Profile: 62 year old NZ European female with a history of smoking, seronegative polyarthritis, anaemia, osteoarthritis of the spine, right foot neuroma, polymyalgia, appendectomy, total hysterectomy, 3x bowel obstruction, and NSAID enteropathy.
Allergies:Penicillin- Rash occurs, Tramadol- Rash occurs, Non-steroidal anti-inflammatory's (NSAIDs)- Advised to avoid these medications due to history of NSAID enteropathy.
Penicillin:
Pharmacokenetics: Has low protein binding in plasma, the bioavailability of penicillin depends on the type; penicillin G has a low bioavailability, below 30%, whereas penicillin V has a higher bioavailability between 60 and 70%. Penicillin is metabolised in the liver, has a short half-life and is excreted via the kidneys.
Route/Dose: PO, IV, IM, IV infusion
Side effects: nausea, vomiting, diarrhoea, hypersensitivity reactions
Pharmacodynamics:Inhibits the formation of a rigid bacterial cell wall needed for the cross linking of peptidoglycans in cell wall biosynthesis.

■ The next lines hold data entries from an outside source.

(* Suppose $\mathbb{Q}_1$ is a probability measure on $(\Omega,\mathcal F(T))$ such that each $S_{1,j}$, $j=1,\dots,d$, is a real-valued (in particular finite) nonnegative $\mathbb{Q}_1$-martingale (possibly hitting $0$). Define probability measures $\mathbb{Q}_i$ by $\frac{\mathrm d\mathbb{Q}_i}{\mathrm d\mathbb{Q}_1}=S_{i,1}(0)S_{1,i}(T)$, $i=1,\dots,d$. Then $(\mathbb{Q}_i)_i$ is a numéraire-consistent family, each $\mathbb{Q}_i$ is absolutely continuous with respect to $\mathbb{Q}_1$, and $\sum_i\mathbb{Q}_i\sim\mathbb{Q}_1$. Moreover, if $\overline{\mathbb{Q}}$ denotes the corresponding valuation measure with respect to the basket (i.e. $\overline{\mathbb Q}=\sum_i\overline S_i(0)\mathbb Q_i$), then for all $r\in[0,T]$ and $C\in\mathcal C$ with $\overline C\in L^1(\overline{\mathbb Q})$ one has $\mathbb{E}^{\overline{\mathbb{Q}}}_r[\overline C]=\overline S_1(r)\mathbb E^{\mathbb Q_1}_r[C_1]$, and for each $i$, on the event $\{i\in\mathfrak A(r)\}$, $$\frac{\mathbb{E}^{\overline{\mathbb{Q}}}_r[\overline C]}{\overline S_i(r)}=\mathbb{E}^{\mathbb{Q}_i}_r[C_i]+S_{i,1}(r)\,\mathbb{E}^{\mathbb{Q}_1}_r\big[C_1\mathbf 1_{\{S_{1,i}(T)=0\}}\big].$$
   Context: Fix $T>0$, $d\in\mathbb N$, and a filtered space $(\Omega,\mathcal{F}(T),(\mathcal{F}(t))_{t\in[0,T]})$ with right-continuous filtration and trivial $\mathcal{F}(0)$. For $x,y\in[0,\infty]$ the product $xy$ is defined except when one is $0$ and the other is $\infty$. An exchange matrix is $s=(s_{i,j})\in[0,\infty]^{d\times d}$ with $s_{i,i}=1$ and $s_{i,j}s_{j,k}=s_{i,k}$ for all $i,j,k$ whenever the product is defined. $S=(S_{i,j})_{i,j=1}^d$ is a right-continuous adapted $[0,\infty]^{d\times d}$-valued process such that $S(t)$ is an exchange matrix for every $t$. Active currencies: $\mathfrak{A}(t)=\{i:\sum_jS_{i,j}(t)<\infty\}$, with $\mathfrak A(0)=\{1,\dots,d\}$. Basket prices: $\overline S_i=1/\sum_jS_{i,j}$. A value vector for an exchange matrix $s$ is $v\in[0,\infty]^d$ with $s_{i,j}v_j=v_i$ whenever defined; $\mathcal{C}$ is the set of $\mathcal{F}(T)$-measurable value vectors for $S(T)$, and for $C\in\mathcal C$, $\overline C=\frac{1}{|\mathfrak{A}(T)|}\sum_{j\in\mathfrak{A}(T)}\overline S_j(T)C_j$. A family $(\mathbb{Q}_i)_{i=1}^d$ of probability measures is numéraire-consistent if $\mathbb{E}^{\mathbb{Q}_i}[S_{i,j}(t)\mathbf{1}_A]=S_{i,j}(0)\,\mathbb{Q}_j(A\cap\{S_{j,i}(t)>0\})$ for all $i,j$, $t\in[0,T]$, $A\in\mathcal{F}(t)$. A valuation measure with respect to the basket is a probability measure under which $\overline S$ is a martingale. $\mathbb{E}^{\mathbb Q}_r$ is conditional expectation given $\mathcal F(r)$. *)

From HB Require Import structures.
From mathcomp Require Import all_boot all_order all_algebra.
From mathcomp Require Import all_classical all_reals all_analysis measurable_realfun.
Set Implicit Arguments. Unset Strict Implicit. Unset Printing Implicit Defensive.
Import Order.TTheory GRing.Theory Num.Theory.
Local Open Scope classical_set_scope.
Local Open Scope ring_scope.
Local Open Scope ereal_scope.

Section Defs.
Context {R : realType}.

Definition prod_defined (x y : \bar R) : Prop :=
  ~ ((x = 0 /\ y = +oo) \/ (x = +oo /\ y = 0)).

Definition exchange_matrix (d : nat) (s : 'I_d -> 'I_d -> \bar R) : Prop :=
  [/\ forall i j, 0 <= s i j,
      forall i, s i i = 1 &
      forall i j k, prod_defined (s i j) (s j k) -> s i j * s j k = s i k].

Definition value_vector (d : nat) (s : 'I_d -> 'I_d -> \bar R)
    (v : 'I_d -> \bar R) : Prop :=
  (forall j, 0 <= v j) /\
  (forall i j, prod_defined (s i j) (v j) -> s i j * v j = v i).

Context {dO : measure_display} {Omega : measurableType dO}.

Definition G_measurable (G : set (set Omega)) (f : Omega -> \bar R) : Prop :=
  forall B : set (\bar R), measurable B -> G (f @^-1` B).

Definition filtration (T : R) (F : R -> set (set Omega)) : Prop :=
  [/\ forall t, (0 <= t <= T)%R -> sigma_algebra setT (F t),
      forall s t, (0 <= s)%R -> (s <= t)%R -> (t <= T)%R -> F s `<=` F t,
      F T = [set A | measurable A],
      forall t, (0 <= t)%R -> (t < T)%R ->
        F t = [set A | forall u, (t < u)%R -> (u <= T)%R -> F u A] &
      forall A, F 0%R A -> A = set0 \/ A = setT].

Definition active (d : nat) (S : 'I_d -> 'I_d -> R -> Omega -> \bar R)
    (t : R) (x : Omega) (i : 'I_d) : bool :=
  \sum_(j < d) S i j t x < +oo.

Definition Sbar (d : nat) (S : 'I_d -> 'I_d -> R -> Omega -> \bar R)
    (i : 'I_d) (t : R) (x : Omega) : \bar R :=
  (\sum_(j < d) S i j t x)^-1.

Definition Cbar (d : nat) (S : 'I_d -> 'I_d -> R -> Omega -> \bar R)
    (T : R) (C : 'I_d -> Omega -> \bar R) (x : Omega) : \bar R :=
  ((#|[pred j | active S T x j]|%:R)^-1)%:E *
  \sum_(j < d | active S T x j) (Sbar S j T x * C j x).

Definition numeraire_consistent (d : nat) (T : R) (F : R -> set (set Omega))
    (S : 'I_d -> 'I_d -> R -> Omega -> \bar R)
    (Q : 'I_d -> probability Omega R) : Prop :=
  forall i j t A, (0 <= t <= T)%R -> F t A ->
    forall x0 : Omega,  (* S(0) is deterministic since F(0) is trivial *)
    \int[Q i]_(x in A) S i j t x =
      S i j 0%R x0 * Q j (A `&` [set x | 0 < S j i t x]).

(** Y is a version of the (generalized, [0,oo]-valued) conditional expectation
    E^P[X | G] of a nonnegative random variable X *)
Definition cond_exp (P : probability Omega R) (G : set (set Omega))
    (X Y : Omega -> \bar R) : Prop :=
  [/\ G_measurable G Y, forall x, 0 <= Y x &
      forall A, G A -> \int[P]_(x in A) Y x = \int[P]_(x in A) X x].

End Defs.

From HB Require Import structures.
From mathcomp Require Import all_boot all_order all_algebra.
From mathcomp Require Import all_classical all_reals all_analysis measurable_realfun.
Import Order.TTheory GRing.Theory Num.Theory.
Local Open Scope classical_set_scope.
Local Open Scope ring_scope.
Local Open Scope ereal_scope.
Set Implicit Arguments. Unset Strict Implicit. Unset Printing Implicit Defensive.

(** Everything is measured in the numeraire currency [o] (the paper's currency 1),
    whose exchange rates [S_{o,j}] are finite nonnegative [Q1]-martingales.
    [Q_i] has density [S_{o,i}(T) / S_{o,i}(0)] with respect to [Q1], and by the
    martingale property its restriction to [F t] has density
    [S_{o,i}(t) / S_{o,i}(0)]; numeraire consistency then reduces to the pointwise
    identity [S_{i,j} S_{o,i} = 1_{S_{j,i} > 0} S_{o,j}] for exchange matrices.
    The basket measure has density proportional to [sum_j S_{o,j}] = [1 / Sbar_o],
    and [Cbar = Sbar_o(T) C_o] for value vectors, so [E_r[Cbar] / Sbar_o(r)] and
    [E^{Q1}_r[C_o]] have the same integrals over [F r]-sets; uniqueness of
    conditional expectations gives the first identity, and splitting [C_o] along
    [{S_{o,i}(T) = 0}] gives the second. *)

(** * Measures with a density *)

Section density_measure.
Context d (T : measurableType d) (R : realType) (mu : {measure set T -> \bar R}).

Definition density_measure (g : T -> \bar R) (mg : measurable_fun setT g)
    (g0 : forall x, 0 <= g x) (gfin : \int[mu]_x g x < +oo) : set T -> \bar R :=
  fun A => \int[mu]_(x in A) g x.

Variables (g : T -> \bar R) (mg : measurable_fun setT g) (g0 : forall x, 0 <= g x)
  (gfin : \int[mu]_x g x < +oo).

Local Notation nu := (density_measure mg g0 gfin).

Let nu0 : nu set0 = 0. Proof. exact: integral_set0. Qed.
Let nu_ge0 A : 0 <= nu A. Proof. exact: integral_ge0. Qed.
Let nu_sigma_additive : semi_sigma_additive nu.
Proof. exact: semi_sigma_additive_nng_induced. Qed.

HB.instance Definition _ := isMeasure.Build _ _ _ nu nu0 nu_ge0 nu_sigma_additive.

Let nu_fin : fin_num_fun nu.
Proof.
move=> A mA; rewrite ge0_fin_numE ?nu_ge0//; apply: le_lt_trans gfin.
exact: ge0_subset_integral.
Qed.

HB.instance Definition _ := Measure_isFinite.Build _ _ _ nu nu_fin.

End density_measure.

Section density_probability.
Context d (T : measurableType d) (R : realType) (P : probability T R).

Definition density_probability (g : T -> \bar R) (mg : measurable_fun setT g)
    (g0 : forall x, 0 <= g x) (g1 : \int[P]_x g x = 1) : set T -> \bar R :=
  fun A => \int[P]_(x in A) g x.

Variables (g : T -> \bar R) (mg : measurable_fun setT g) (g0 : forall x, 0 <= g x)
  (g1 : \int[P]_x g x = 1).

Local Notation Q := (density_probability mg g0 g1).

Let Q0 : Q set0 = 0. Proof. exact: integral_set0. Qed.
Let Q_ge0 A : 0 <= Q A. Proof. exact: integral_ge0. Qed.
Let Q_sigma_additive : semi_sigma_additive Q.
Proof. exact: semi_sigma_additive_nng_induced. Qed.

HB.instance Definition _ := isMeasure.Build _ _ _ Q Q0 Q_ge0 Q_sigma_additive.
HB.instance Definition _ := Measure_isProbability.Build _ _ _ Q g1.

It does this by binding to penicillin binding proteins with the beta-lactam ring, a structure found on penicillin molecules.
Contraindications: Gram- negative bacilli, and those with an allergy or adverse reaction.
Tramadol:
NSAID's:
Pharmacokenetics: Oral route with a 30 minute onset that peaks between 1-2 hours and has a duration of 4-6 hours. It is metabolised in the liver and excreted in the urine.
Route/Dose:PO, IV, PR, Topical. The usual dose for adults is 200 mg to 400 mg 3 or 4 times daily if needed. Do not take more than 1200 mg per day unless clinically indicated. The dose will be different to this if a modified-released tablet has been prescribed.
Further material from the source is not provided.